(Collected data)

------------------------------------------------------------------------

(* Let $t\geq 4$ be an integer and let $H$ be a $3$-graph on $t$ vertices with at least $\binom{t-1}{3}+\binom{t-2}{2}+2$ edges. Then $H$ is not $\lambda$-perfect.
   Context: For a $3$-graph $G$ on vertex set $[n]$ and $\vec x\in\Delta=\{\vec x\in[0,1]^n:\sum_i x_i=1\}$, put $\lambda(G,\vec x)=\sum_{e\in E(G)}\prod_{i\in e}x_i$ and $\lambda(G)=\max_{\vec x\in\Delta}\lambda(G,\vec x)$ (the Lagrangian). $G$ is $F$-free if it contains no subgraph isomorphic to $F$. The Lagrangian density is $\pi_\lambda(F)=\sup\{3!\,\lambda(G): G\text{ is an }F\text{-free }3\text{-graph}\}$. $K_m^3$ is the complete $3$-graph on $m$ vertices. A $3$-graph $H$ on $t$ vertices is $\lambda$-perfect if $\pi_\lambda(H)=3!\,\lambda(K_{t-1}^3)$. *)

From mathcomp Require Import all_boot all_order all_algebra.
From mathcomp Require Import classical_sets reals.
Set Implicit Arguments. Unset Strict Implicit. Unset Printing Implicit Defensive.
Import Order.TTheory GRing.Theory Num.Theory.
Local Open Scope ring_scope.
Local Open Scope classical_set_scope.

Definition is3graph (n : nat) (G : {set {set 'I_n}}) : Prop :=
  forall e, e \in G -> #|e| = 3%N.

Definition contains (t n : nat) (F : {set {set 'I_t}}) (G : {set {set 'I_n}}) : Prop :=
  exists f : 'I_t -> 'I_n, injective f /\ forall e, e \in F -> f @: e \in G.

Definition Ffree (t n : nat) (F : {set {set 'I_t}}) (G : {set {set 'I_n}}) : Prop :=
  ~ contains F G.

Definition simplex (R : realType) (n : nat) : set ('I_n -> R) :=
  [set x | (forall i, 0 <= x i) /\ \sum_(i < n) x i = 1].

Definition lagr_val (R : realType) (n : nat) (G : {set {set 'I_n}}) (x : 'I_n -> R) : R :=
  \sum_(e in G) \prod_(i in e) x i.

(* lambda(G) = max over the simplex (written as the supremum, which is attained). *)
Definition lagrangian (R : realType) (n : nat) (G : {set {set 'I_n}}) : R :=
  sup [set @lagr_val R n G x | x in @simplex R n].

Definition K3 (m : nat) : {set {set 'I_m}} := [set e : {set 'I_m} | #|e| == 3%N].

Definition lagr_density (R : realType) (t : nat) (F : {set {set 'I_t}}) : R :=
  sup [set y : R | exists (n : nat) (G : {set {set 'I_n}}),
         is3graph G /\ Ffree F G /\ y = 6%:R * @lagrangian R n G].

Definition lambda_perfect (R : realType) (t : nat) (H : {set {set 'I_t}}) : Prop :=
  @lagr_density R t H = 6%:R * @lagrangian R t.-1 (K3 t.-1).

------------------------------------------------------------------------

» Exercise directions: Only the lines from the first line of the records through the line with "Definition is3graph (n" should be reproduced, exactly and with nothing added.

» Task response:
(* Let $t\geq 4$ be an integer and let $H$ be a $3$-graph on $t$ vertices with at least $\binom{t-1}{3}+\binom{t-2}{2}+2$ edges. Then $H$ is not $\lambda$-perfect.
   Context: For a $3$-graph $G$ on vertex set $[n]$ and $\vec x\in\Delta=\{\vec x\in[0,1]^n:\sum_i x_i=1\}$, put $\lambda(G,\vec x)=\sum_{e\in E(G)}\prod_{i\in e}x_i$ and $\lambda(G)=\max_{\vec x\in\Delta}\lambda(G,\vec x)$ (the Lagrangian). $G$ is $F$-free if it contains no subgraph isomorphic to $F$. The Lagrangian density is $\pi_\lambda(F)=\sup\{3!\,\lambda(G): G\text{ is an }F\text{-free }3\text{-graph}\}$. $K_m^3$ is the complete $3$-graph on $m$ vertices. A $3$-graph $H$ on $t$ vertices is $\lambda$-perfect if $\pi_\lambda(H)=3!\,\lambda(K_{t-1}^3)$. *)

From mathcomp Require Import all_boot all_order all_algebra.
From mathcomp Require Import classical_sets reals.
Set Implicit Arguments. Unset Strict Implicit. Unset Printing Implicit Defensive.
Import Order.TTheory GRing.Theory Num.Theory.
Local Open Scope ring_scope.
Local Open Scope classical_set_scope.

Definition is3graph (n : nat) (G : {set {set 'I_n}}) : Prop :=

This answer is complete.